Would you please output the data exactly, omitting no line?
-------
(* Consider the full binary tree network with levels $0,1,\dots,9$ (root at level $0$, $512$ leaves at level $9$, $N=2^{10}-1$ nodes), in which every node at level $s<9$ owes $\$2^{10-s}$ to each of its two children, leaves owe nothing, and $\mathbf e=\mathbf 0$. For a cash injection $\mathbf c\ge \mathbf 0$, let $N_d(\mathbf c)$ be the number of nodes $i$ with $p_i<\bar p_i$, where $\mathbf p$ is the clearing payment vector. Then: if $C\ge 2048$, the minimum of $N_d(\mathbf c)$ over $\mathbf c\ge\mathbf 0$ with $\mathbf 1^T\mathbf c=C$ is $0$; and if $C$ is an integer with $0\le C<2048$ with binary expansion $C=\sum_{u\ge 0} b(u)2^u$, $b(u)\in\{0,1\}$, this minimum equals \[ 511-\sum_{u= 3}^{10} b(u)\,(2^{u-2}-1). \]
   Context: Financial network model: $L_{ij}\ge 0$ is the amount node $i$ owes node $j$; $\bar p_i=\sum_j L_{ij}$; $\Pi_{ij}=L_{ij}/\bar p_i$ if $\bar p_i\ne0$, else $0$. Given cash on hand $\mathbf e$ and injection $\mathbf c$, the clearing payment vector is the (here unique) $\mathbf p$ with $\mathbf p=\min(\bar{\mathbf p},\Pi^T\mathbf p+\mathbf e+\mathbf c)$ componentwise: each node pays its liabilities in full if its funds (received payments plus $e_i+c_i$) suffice, otherwise pays all its funds, split among creditors in proportion to amounts owed. A node $i$ is in default if $p_i<\bar p_i$. *)

From HB Require Import structures.
From mathcomp Require Import all_boot all_order all_algebra.
Set Implicit Arguments. Unset Strict Implicit. Unset Printing Implicit Defensive.
Import Order.TTheory GRing.Theory Num.Theory.
Local Open Scope ring_scope.
(* The orthogonal part is U W^-1 / al, with U, W the column matrices of (u1, u2) and
   (w1, w2) and al = sqrt k; proportional Gram matrices make it orthogonal. *)
Lemma sim_map_of_gram (u1 u2 w1 w2 : vec) (k : R) :
  0 < k -> det2 w1 w2 <> 0 ->
  nrm2 u1 = k * nrm2 w1 -> nrm2 u2 = k * nrm2 w2 -> dot u1 u2 = k * dot w1 w2 ->
  exists al A, al <> 0 /\ orthogonal A /\ sim_map al A w1 = u1 /\ sim_map al A w2 = u2.
Proof.
  destruct u1 as [x1 y1], u2 as [x2 y2], w1 as [p1 q1], w2 as [p2 q2].
  unfold det2, nrm2, dot; simpl; intros Hk Hdet H1 H2 H12.
  assert (Hal : sqrt k * sqrt k = k) by (apply sqrt_sqrt; lra).
  assert (Hal_pos : 0 < sqrt k) by (apply sqrt_lt_R0; lra).
  revert Hal Hal_pos; generalize (sqrt k); intros al Hal Hal_pos.
  set (d := p1 * q2 - q1 * p2) in *.
  assert (Hsq : forall a b e f, a / (d * al) * (b / (d * al)) + e / (d * al) * (f / (d * al))
                                = (a * b + e * f) / (d * d * (al * al)))
    by (intros; field; split; lra).
  exists al, ((x1 * q2 - x2 * q1) / (d * al), (x2 * p1 - x1 * p2) / (d * al),
              (y1 * q2 - y2 * q1) / (d * al), (y2 * p1 - y1 * p2) / (d * al)).
  split; [lra|]; split; [unfold orthogonal; rewrite !Hsq; split; [|split]|].
  - replace ((x1 * q2 - x2 * q1) * (x1 * q2 - x2 * q1) + (y1 * q2 - y2 * q1) * (y1 * q2 - y2 * q1))
      with (q2 * q2 * (x1 * x1 + y1 * y1) - 2 * q1 * q2 * (x1 * x2 + y1 * y2)
            + q1 * q1 * (x2 * x2 + y2 * y2)) by ring.
    rewrite H1, H2, H12, Hal; unfold d; field; split; [lra|fold d; auto].
  - replace ((x2 * p1 - x1 * p2) * (x2 * p1 - x1 * p2) + (y2 * p1 - y1 * p2) * (y2 * p1 - y1 * p2))
      with (p2 * p2 * (x1 * x1 + y1 * y1) - 2 * p1 * p2 * (x1 * x2 + y1 * y2)
            + p1 * p1 * (x2 * x2 + y2 * y2)) by ring.
    rewrite H1, H2, H12, Hal; unfold d; field; split; [lra|fold d; auto].
  - replace ((x1 * q2 - x2 * q1) * (x2 * p1 - x1 * p2) + (y1 * q2 - y2 * q1) * (y2 * p1 - y1 * p2))
      with (- (q2 * p2) * (x1 * x1 + y1 * y1) + (q2 * p1 + q1 * p2) * (x1 * x2 + y1 * y2)
            - q1 * p1 * (x2 * x2 + y2 * y2)) by ring.
    rewrite H1, H2, H12, Hal; unfold d; field; split; [lra|fold d; auto].
  - unfold sim_map, vscal, mat_apply; simpl; split; f_equal; unfold d in *; field; split; lra.
Qed.

Lemma similar_of_proportional_gram (G H : lattice) (u1 u2 w1 w2 : vec) (k : R) :
  is_basis G u1 u2 -> is_basis H w1 w2 -> 0 < k ->
  nrm2 u1 = k * nrm2 w1 -> nrm2 u2 = k * nrm2 w2 -> dot u1 u2 = k * dot w1 w2 ->
  similar G H.
Proof.
  intros [_ HG] [Hdet HH] Hk H1 H2 H12.
  destruct (sim_map_of_gram u1 u2 w1 w2 k Hk Hdet H1 H2 H12) as [al [A [Hal [HA [E1 E2]]]]].
  exists al, A; split; [exact Hal|split; [exact HA|]].
  apply (proj2 (similar_image_zspan G H al A w1 w2 HH)); rewrite E1, E2; exact HG.
Qed.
-------
_SOLUTION FOR THIS TASK_:
(* Consider the full binary tree network with levels $0,1,\dots,9$ (root at level $0$, $512$ leaves at level $9$, $N=2^{10}-1$ nodes), in which every node at level $s<9$ owes $\$2^{10-s}$ to each of its two children, leaves owe nothing, and $\mathbf e=\mathbf 0$. For a cash injection $\mathbf c\ge \mathbf 0$, let $N_d(\mathbf c)$ be the number of nodes $i$ with $p_i<\bar p_i$, where $\mathbf p$ is the clearing payment vector. Then: if $C\ge 2048$, the minimum of $N_d(\mathbf c)$ over $\mathbf c\ge\mathbf 0$ with $\mathbf 1^T\mathbf c=C$ is $0$; and if $C$ is an integer with $0\le C<2048$ with binary expansion $C=\sum_{u\ge 0} b(u)2^u$, $b(u)\in\{0,1\}$, this minimum equals \[ 511-\sum_{u= 3}^{10} b(u)\,(2^{u-2}-1). \]
   Context: Financial network model: $L_{ij}\ge 0$ is the amount node $i$ owes node $j$; $\bar p_i=\sum_j L_{ij}$; $\Pi_{ij}=L_{ij}/\bar p_i$ if $\bar p_i\ne0$, else $0$. Given cash on hand $\mathbf e$ and injection $\mathbf c$, the clearing payment vector is the (here unique) $\mathbf p$ with $\mathbf p=\min(\bar{\mathbf p},\Pi^T\mathbf p+\mathbf e+\mathbf c)$ componentwise: each node pays its liabilities in full if its funds (received payments plus $e_i+c_i$) suffice, otherwise pays all its funds, split among creditors in proportion to amounts owed. A node $i$ is in default if $p_i<\bar p_i$. *)

From HB Require Import structures.
From mathcomp Require Import all_boot all_order all_algebra.
Set Implicit Arguments. Unset Strict Implicit. Unset Printing Implicit Defensive.
Import Order.TTheory GRing.Theory Num.Theory.
Local Open Scope ring_scope.
(* The orthogonal part is U W^-1 / al, with U, W the column matrices of (u1, u2) and
   (w1, w2) and al = sqrt k; proportional Gram matrices make it orthogonal. *)
Lemma sim_map_of_gram (u1 u2 w1 w2 : vec) (k : R) :
  0 < k -> det2 w1 w2 <> 0 ->
  nrm2 u1 = k * nrm2 w1 -> nrm2 u2 = k * nrm2 w2 -> dot u1 u2 = k * dot w1 w2 ->
  exists al A, al <> 0 /\ orthogonal A /\ sim_map al A w1 = u1 /\ sim_map al A w2 = u2.
Proof.
  destruct u1 as [x1 y1], u2 as [x2 y2], w1 as [p1 q1], w2 as [p2 q2].
  unfold det2, nrm2, dot; simpl; intros Hk Hdet H1 H2 H12.
  assert (Hal : sqrt k * sqrt k = k) by (apply sqrt_sqrt; lra).
  assert (Hal_pos : 0 < sqrt k) by (apply sqrt_lt_R0; lra).
  revert Hal Hal_pos; generalize (sqrt k); intros al Hal Hal_pos.
  set (d := p1 * q2 - q1 * p2) in *.
  assert (Hsq : forall a b e f, a / (d * al) * (b / (d * al)) + e / (d * al) * (f / (d * al))
                                = (a * b + e * f) / (d * d * (al * al)))
    by (intros; field; split; lra).
  exists al, ((x1 * q2 - x2 * q1) / (d * al), (x2 * p1 - x1 * p2) / (d * al),
              (y1 * q2 - y2 * q1) / (d * al), (y2 * p1 - y1 * p2) / (d * al)).
  split; [lra|]; split; [unfold orthogonal; rewrite !Hsq; split; [|split]|].
  - replace ((x1 * q2 - x2 * q1) * (x1 * q2 - x2 * q1) + (y1 * q2 - y2 * q1) * (y1 * q2 - y2 * q1))
      with (q2 * q2 * (x1 * x1 + y1 * y1) - 2 * q1 * q2 * (x1 * x2 + y1 * y2)
            + q1 * q1 * (x2 * x2 + y2 * y2)) by ring.
    rewrite H1, H2, H12, Hal; unfold d; field; split; [lra|fold d; auto].
  - replace ((x2 * p1 - x1 * p2) * (x2 * p1 - x1 * p2) + (y2 * p1 - y1 * p2) * (y2 * p1 - y1 * p2))
      with (p2 * p2 * (x1 * x1 + y1 * y1) - 2 * p1 * p2 * (x1 * x2 + y1 * y2)
            + p1 * p1 * (x2 * x2 + y2 * y2)) by ring.
    rewrite H1, H2, H12, Hal; unfold d; field; split; [lra|fold d; auto].
  - replace ((x1 * q2 - x2 * q1) * (x2 * p1 - x1 * p2) + (y1 * q2 - y2 * q1) * (y2 * p1 - y1 * p2))
      with (- (q2 * p2) * (x1 * x1 + y1 * y1) + (q2 * p1 + q1 * p2) * (x1 * x2 + y1 * y2)
            - q1 * p1 * (x2 * x2 + y2 * y2)) by ring.
    rewrite H1, H2, H12, Hal; unfold d; field; split; [lra|fold d; auto].
  - unfold sim_map, vscal, mat_apply; simpl; split; f_equal; unfold d in *; field; split; lra.
Qed.

Lemma similar_of_proportional_gram (G H : lattice) (u1 u2 w1 w2 : vec) (k : R) :
  is_basis G u1 u2 -> is_basis H w1 w2 -> 0 < k ->
  nrm2 u1 = k * nrm2 w1 -> nrm2 u2 = k * nrm2 w2 -> dot u1 u2 = k * dot w1 w2 ->
  similar G H.
Proof.
  intros [_ HG] [Hdet HH] Hk H1 H2 H12.
  destruct (sim_map_of_gram u1 u2 w1 w2 k Hk Hdet H1 H2 H12) as [al [A [Hal [HA [E1 E2]]]]].
  exists al, A; split; [exact Hal|split; [exact HA|]].
  apply (proj2 (similar_image_zspan G H al A w1 w2 HH)); rewrite E1, E2; exact HG.
Qed.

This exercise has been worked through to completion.